Targeted isolation of cyanosphere heterotrophs

Heterotrophic bacteria were isolated from biocrust using a variety of different enrichments and substrates, from which candidate bacteria were selected for co-culturing experiments. For the isolation of heterotrophic nitrogen-fixing bacteria, a modified version of a protocol for diazotroph isolation [53] was used. One gram of dried intact biocrust was rehydrated with 1 mL sterile RO water and incubated in culture room conditions (23 °C, 18–20 μE m−2 s−1, 14 h light cycle) for 24 h. Rehydrated biocrust was then added to 10 mL phosphate-buffered saline (PBS), vigorously shaken (120 rpm) for 30 m, and serial diluted in PBS. Dilutions of 10−3 were used for all diazotroph isolations. Nitrogen-free combined carbon (NFCC) [54, 55] medium was prepared, using 2 g/L of each of the following carbon sources: glucose, sucrose, trehalose, sodium pyruvate, and sodium acetate. NFCC plates (1% Gellan gum, 60 mm × 15 mm) were inoculated with 70 µL of biocrust serial dilution (10−3) and incubated in darkness under both aerobic (atmospheric O2) and microaerophilic conditions (2% O2 and 98% N2), at 23 °C for 20 days. Additional aerobic enrichments, following the same inoculation protocol in aerobic conditions using Burk’s medium [56] and BG110 + 1% sucrose [57] plates (1% gellan gum) were performed. In order to target diazotrophs residing in the cyanosphere specifically, M. vaginatus bundles were pulled from rehydrated biocrust and cleansed of excess soil as previously described [37]. Cleansed bundles were then placed on solid enrichment medium plates (Burk’s, BG110 + 1% sucrose) and incubated under standard conditions (23 °C, 18–20 μE m−2 s−1, 14 h light cycle) for 20 days, after which individual colonies and heterotrophic biomass near M. vaginatus bundles were picked based on morphological differences and streaked on new nitrogen-free media plates (NFCC, Burk’s, and BG110 + 1% sucrose where appropriate), repeating three times for each colony transfer, to obtain pure isolates.

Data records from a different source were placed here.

Lemma enormZ (c : R) v : enorm (c *: v) = `|c| * enorm v.
Proof.
apply/le_anti/andP; split; apply: le_sqr_ge0; rewrite ?mulr_ge0 ?enorm_ge0 //;
by rewrite exprMn !enorm_sqr dotpZl dotpZr mulrA -expr2 real_normK ?num_real.
Qed.

Lemma enormN v : enorm (- v) = enorm v.
Proof. by rewrite -scaleN1r enormZ normrN1 mul1r. Qed.

Lemma enorm0 : enorm (0 : V) = 0.
Proof. by apply/eqP; rewrite enorm_eq0. Qed.

Lemma dotp_le_enorm u v : dotp u v <= enorm u * enorm v.
Proof.
have [/eqP|u0] := eqVneq (enorm u) 0.
  by rewrite enorm_eq0 => /eqP->; rewrite dotpC dotp0r enorm0 mul0r.
have [/eqP|v0] := eqVneq (enorm v) 0.
  by rewrite enorm_eq0 => /eqP->; rewrite dotp0r enorm0 mulr0.
have uv_gt0 : 0 < enorm u * enorm v by rewrite mulr_gt0 // lt_def ?u0 ?v0 enorm_ge0.
have := dotp_ge0 (enorm v *: u - enorm u *: v).
rewrite !(dotpBl, dotpBr, dotpZl, dotpZr) -!enorm_sqr (dotpC v u) => h.
have : 0 <= (enorm u * enorm v) * (enorm u * enorm v - dotp u v) by nra.
by rewrite pmulr_rge0 // subr_ge0.
Qed.

Lemma norm_dotp_le u v : `|dotp u v| <= enorm u * enorm v.
Proof.
rewrite ler_norml dotp_le_enorm andbT lerNl -dotpNl -(enormN u).
exact: dotp_le_enorm.
Qed.

Lemma enormD u v : enorm (u + v) <= enorm u + enorm v.
Proof.
apply: le_sqr_ge0; first by rewrite addr_ge0 ?enorm_ge0.
rewrite enorm_sqr dotpDl !dotpDr sqrrD -!enorm_sqr (dotpC v u).
have := dotp_le_enorm u v; lra.
Qed.

Lemma enorm_sum (I : Type) (r : seq I) (P : pred I) (f : I -> V) :
  enorm (\sum_(i <- r | P i) f i) <= \sum_(i <- r | P i) enorm (f i).
Proof.
elim/big_ind2: _ => [|x1 y1 x2 y2 h1 h2|//]; first by rewrite enorm0.
by apply: le_trans (enormD _ _) _; exact: lerD.
Qed.

Lemma enorm_coord v i : `|v i 0| <= enorm v.
Proof.
apply: le_sqr_ge0; first exact: enorm_ge0.
rewrite real_normK ?num_real // /enorm sqr_sqrtr; last by apply: sumr_ge0 => j _; rewrite sqr_ge0.
by rewrite (bigD1 i) //= lerDl; apply: sumr_ge0 => j _; rewrite sqr_ge0.
Qed.

Lemma opnorm_has_sup A :
  has_sup [set enorm (A *m v) | v in [set v : V | enorm v <= 1]].
Proof.
split; first by exists (enorm (A *m 0)), 0 => //=; rewrite enorm0 ler01.
exists (\sum_(j < d) enorm (A *m evec R j)) => _ [u /= u1 <-].
rewrite {1}(matrix_sum_delta u) mulmx_sumr.
apply: le_trans (enorm_sum _ _ _) _; apply: ler_sum => j _.
rewrite big_ord1 -scalemxAr enormZ ler_piMl ?enorm_ge0 //.
exact: le_trans (enorm_coord _ _) u1.
Qed.

Lemma enorm_mulmx_le A v : enorm (A *m v) <= opnorm A * enorm v.
Proof.
have [/eqP|v0] := eqVneq (enorm v) 0.
  by rewrite enorm_eq0 => /eqP->; rewrite mulmx0 enorm0 mulr0.
have v_gt0 : 0 < enorm v by rewrite lt_def v0 enorm_ge0.
have : enorm (A *m ((enorm v)^-1 *: v)) <= opnorm A.
  apply: (sup_upper_bound (opnorm_has_sup A)); exists ((enorm v)^-1 *: v) => //=.
  by rewrite enormZ ger0_norm ?invr_ge0 ?enorm_ge0 // mulVf.
by rewrite -scalemxAr enormZ ger0_norm ?invr_ge0 ?enorm_ge0 // ler_pdivrMl // mulrC.
Qed.

End Euclid.

Section RealIncrements.
Context {R : realType}.

Lemma is_derive_quadratic (a b c s : R) :
  is_derive s 1 (fun t => a + b * t + c * t ^+ 2) (b + 2 * c * s).
Proof.
have -> : (fun t => a + b * t + c * t ^+ 2) = horner (a%:P + b *: 'X + c *: 'X^2).
  by apply: funext => t; rewrite !hornerE.
apply: is_derive_eq; rewrite !(derivD, derivZ, derivC, derivX, derivXn) !hornerE /=.
ring.
Qed.

Lemma ler_increment (g h : R -> R) (a b : R) : a <= b ->
  (forall s, derivable g s 1) -> (forall s, derivable h s 1) ->
  (forall s, a <= s <= b -> 'D_1 g s <= 'D_1 h s) ->
  g b - g a <= h b - h a.
Proof.
move=> ab dg dh gh.
have dhg s : derivable (h - g) s 1 by apply: derivableB.
suff : (h - g) a <= (h - g) b by rewrite !fctE; lra.
apply: (@ger0_derive1_le_cc R (h - g) a b) => //; rewrite ?in_itv /= ?lexx ?ab //.
- move=> s; rewrite in_itv /= => /andP[aS sB].
  by rewrite derive1E deriveB // subr_ge0 gh // !ltW.
- by apply: derivable_within_continuous => s _.
Qed.

Lemma increment_deviation (g : R -> R) (b c m n t : R) : 0 <= t ->
  (forall s, derivable g s 1) ->
  (forall s, 0 <= s <= t -> `|'D_1 g s - (b + 2 * c * s)| <= m + 2 * n * s) ->
  `|g t - g 0 - (b * t + c * t ^+ 2)| <= m * t + n * t ^+ 2.
Proof.
move=> t0 dg dev.
have quad (p q : R) s : derivable (fun s => 0 + p * s + q * s ^+ 2) s 1.
  exact: (@ex_derive _ _ _ _ _ _ _ (is_derive_quadratic 0 p q s)).
have Dquad (p q : R) s : 'D_1 (fun s => 0 + p * s + q * s ^+ 2) s = p + 2 * q * s.
  exact: (@derive_val _ _ _ _ _ _ _ (is_derive_quadratic 0 p q s)).
have up : g t - g 0 <= (0 + (b + m) * t + (c + n) * t ^+ 2)
                        - (0 + (b + m) * 0 + (c + n) * 0 ^+ 2).
  apply: (ler_increment t0 dg (quad _ _)) => s /dev.
  by rewrite Dquad ler_norml => /andP[_ h]; lra.
have lo : (0 + (b - m) * t + (c - n) * t ^+ 2) - (0 + (b - m) * 0 + (c - n) * 0 ^+ 2)
          <= g t - g 0.
  apply: (ler_increment t0 (quad _ _) dg) => s /dev.
  by rewrite Dquad ler_norml => /andP[h _]; lra.
rewrite expr0n /= in up lo; rewrite ler_norml; apply/andP; split; lra.
Qed.

End RealIncrements.

Section Gradients.
Context {R : realType} {d : nat}.
Local Notation V := 'cV[R]_d.
Implicit Types (f : V -> R) (g : V -> V) (x y u : V) (A : 'M[R]_d).

Definition is_gradient f g := forall y u, is_derive y u f (dotp u (g y)).

Definition subgradient_field f g := forall x y, f x + dotp (y - x) (g x) <= f y.

Definition lipschitz_with (c : R) g := forall x y, enorm (g x - g y) <= c * enorm (x - y).

Definition quad_model (c : R) (g0 : V) A (a x : V) : R :=
  c + dotp (x - a) g0 + 2^-1 * dotp (x - a) (A *m (x - a)).

Lemma is_derive_line f y u (t df : R) :
  is_derive t 1 (fun s => f (s *: u + y)) df <-> is_derive (t *: u + y) u f df.
Proof.
have quotE : (fun h : R => h^-1 *: (((fun s => f (s *: u + y)) \o shift t) (h *: 1)
                                     - f (t *: u + y)))
    = (fun h => h^-1 *: ((f \o shift (t *: u + y)) (h *: u) - f (t *: u + y))).
  by apply: funext => h /=; rewrite /shift /= scalerDl addrA [_%:A]mulr1.
by split=> -[D E]; constructor; move: D E; rewrite /derivable /derive ?quotE.
Qed.

Lemma derivable_gradient_line f g y u (s : R) : is_gradient f g ->
  derivable (fun s : R => f (s *: u + y)) s 1.
Proof. by move=> fg; have /is_derive_line [] := fg (s *: u + y) u. Qed.

Lemma derive_gradient_line f g y u (s : R) : is_gradient f g ->
  'D_1 (fun s : R => f (s *: u + y)) s = dotp u (g (s *: u + y)).
Proof. by move=> fg; have /is_derive_line [] := fg (s *: u + y) u. Qed.

Lemma derive_grad f y u : differentiable f y -> 'D_u f y = dotp u (grad f y).
Proof.
move=> df; rewrite deriveE // {1}(matrix_sum_delta u) linear_sum dotpE.
apply: eq_bigr => i _; rewrite big_ord1 linearZ /= /grad mxE -deriveE //.
Qed.

Lemma is_gradient_grad f : (forall y, differentiable f y) -> is_gradient f (grad f).
Proof. by move=> df y u; apply: DeriveDef; [exact: diff_derivable | exact: derive_grad]. Qed.

Lemma gradE f g : is_gradient f g -> grad f = g.
Proof.
move=> fg; apply/funext => y; apply/matrixP => i j.
by rewrite (ord1 j) mxE (@derive_val _ _ _ _ _ _ _ (fg y (evec R i))) dotp_evecl.
Qed.

Lemma is_gradientD f1 f2 g1 g2 : is_gradient f1 g1 -> is_gradient f2 g2 ->
  is_gradient (fun x => f1 x + f2 x) (fun x => g1 x + g2 x).
Proof. by move=> fg1 fg2 y u; rewrite dotpDr; exact: is_deriveD. Qed.

Lemma is_gradientZ (c : R) f g : is_gradient f g ->
  is_gradient (fun x => c * f x) (fun x => c *: g x).
Proof. by move=> fg y u; rewrite dotpZr; exact: is_deriveZ. Qed.

Lemma is_gradient_sum (I : eqType) (r : seq I) (P : pred I) (f : I -> V -> R)
    (g : I -> V -> V) : {in r, forall i, P i -> is_gradient (f i) (g i)} ->
  is_gradient (fun x => \sum_(i <- r | P i) f i x) (fun x => \sum_(i <- r | P i) g i x).
Proof.
move=> fg y u; rewrite -(fct_sumE r P f) dotp_sumr big_seq_cond.
rewrite [X in is_derive _ _ _ X]big_seq_cond.
elim/big_rec2: _ => [|i F D /andP[ir Pi] FD]; first exact: is_derive_cst.
exact: is_deriveD (fg i ir Pi y u) FD.
Qed.

Lemma quad_model_line (c : R) (g0 : V) A (a y u : V) (s : R) : A^T = A ->
  quad_model c g0 A a (s *: u + y)
  = quad_model c g0 A a y + s * dotp u (g0 + A *m (y - a))
    + s ^+ 2 * (2^-1 * dotp u (A *m u)).
Proof.
move=> A_sym; rewrite /quad_model -(addrA _ y); move: (y - a) => z.
have zAu : dotp z (A *m u) = dotp u (A *m z) by rewrite dotp_mulmx A_sym dotpC.
rewrite mulmxDr -scalemxAr !(dotpDl, dotpDr, dotpZl, dotpZr) zAu.
by field.
Qed.

Lemma is_gradient_quad_model (c : R) (g0 : V) A (a : V) : A^T = A ->
  is_gradient (quad_model c g0 A a) (fun x => g0 + A *m (x - a)).
Proof.
move=> A_sym y u.
have := is_derive_line (quad_model c g0 A a) y u 0 (dotp u (g0 + A *m (y - a))).
rewrite scale0r add0r => <-.
have -> : (fun s => quad_model c g0 A a (s *: u + y)) = (fun s =>
    quad_model c g0 A a y + dotp u (g0 + A *m (y - a)) * s
    + 2^-1 * dotp u (A *m u) * s ^+ 2).
  by apply: funext => s; rewrite quad_model_line //; ring.
by apply: (is_derive_eq (is_derive_quadratic _ _ _ 0)); rewrite mulr0 addr0.
Qed.

(* The transpose is there because [hess f] is not known to be symmetric. *)
Lemma is_gradient_dotp_grad f v : (forall y, differentiable (grad f) y) ->
  is_gradient (fun x => dotp v (grad f x)) (fun x => (hess f x)^T *m v).
Proof.
move=> dgf.
have coord_grad i : is_gradient (fun x => grad f x i 0) (grad (fun x => grad f x i 0)).
  apply: is_gradient_grad => y.
  exact: differentiable_comp (dgf y) (differentiable_coord (grad f y) i 0).
have := is_gradient_sum (r := index_enum 'I_d) (P := predT)
  (fun i _ _ => is_gradientZ (v i 0) (coord_grad i)).
have -> : (fun x => \sum_(i <- index_enum 'I_d | predT i) v i 0 * grad f x i 0)
    = (fun x => dotp v (grad f x)) by apply: funext => x; rewrite dotpE.
have -> // : (fun x => \sum_(i <- index_enum 'I_d | predT i)
                         v i 0 *: grad (fun x => grad f x i 0) x)
    = (fun x => (hess f x)^T *m v).
apply: funext => x; apply/matrixP => j k; rewrite (ord1 k) summxE !mxE.
by apply: eq_bigr => i _; rewrite !mxE mulrC.
Qed.

Lemma subgradient_fieldD f1 f2 g1 g2 :
  subgradient_field f1 g1 -> subgradient_field f2 g2 ->
  subgradient_field (fun x => f1 x + f2 x) (fun x => g1 x + g2 x).
Proof. by move=> fg1 fg2 x y; rewrite dotpDr; have := fg1 x y; have := fg2 x y; lra. Qed.

Lemma subgradient_fieldZ (c : R) f g : 0 <= c -> subgradient_field f g ->
  subgradient_field (fun x => c * f x) (fun x => c *: g x).
Proof. by move=> c0 fg x y; rewrite dotpZr -mulrDr ler_wpM2l. Qed.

Molecular identification of pure isolates and candidate selection

Genomic DNA was extracted from one colony of each heterotrophic isolate, resuspending biomass in 30 µL of sterile RO water in a sterile 0.5 mL PCR tube, microwaving for 30 s to lyse cells, and flicking tube to agitate. This process was repeated three times. The 16S rRNA gene was amplified using general bacterial primers 530F [58], and 1492R [59]. For a reaction volume of 21 µL, the following amounts were used: 9 µL Go Taq Mastermix 2× (Promega, Madison, WI, USA), 1 µL of each primer, 9 µL of H2O, and 1 µL of template DNA. The PCR conditions were as follows: 2 min of denaturation, followed by 35 rounds of temperature cycling (94 °C for 15 s, 55 °C for 30 s, 72 °C for 90 s) and a final extension at 72 °C for 7 min. Positive amplifications were Sanger sequenced at the ASU Genomics core facilities. Forward and reverse sequences were aligned in Geneious version 8.0 [60] and the 850–900 bp consensus sequences were submitted to basic local alignment search (BLAST) [61]. Taxonomy was initially assigned based off matches (>97% identity) to 16S rRNA sequences of strains in the NCBI database. Isolate sequences were then submitted to BLAST against the 16S rRNA sequence data from known cyanosphere bacteria as described in the literature [29, 30] and from sequencing data obtained in this study. Isolates matching either source were selected as candidates for co-culture experiments. Isolates were classified either as a typical members (or not) of M. vaginatus cyanosphere, and by their potential ecological function, as far as it was possible based on a literature search [62,63,64,65,66,67,68,69,70,71] (Table 1).

Table 1 Bacterial isolates used in co-culture experiments with M. vaginatus PCC9802.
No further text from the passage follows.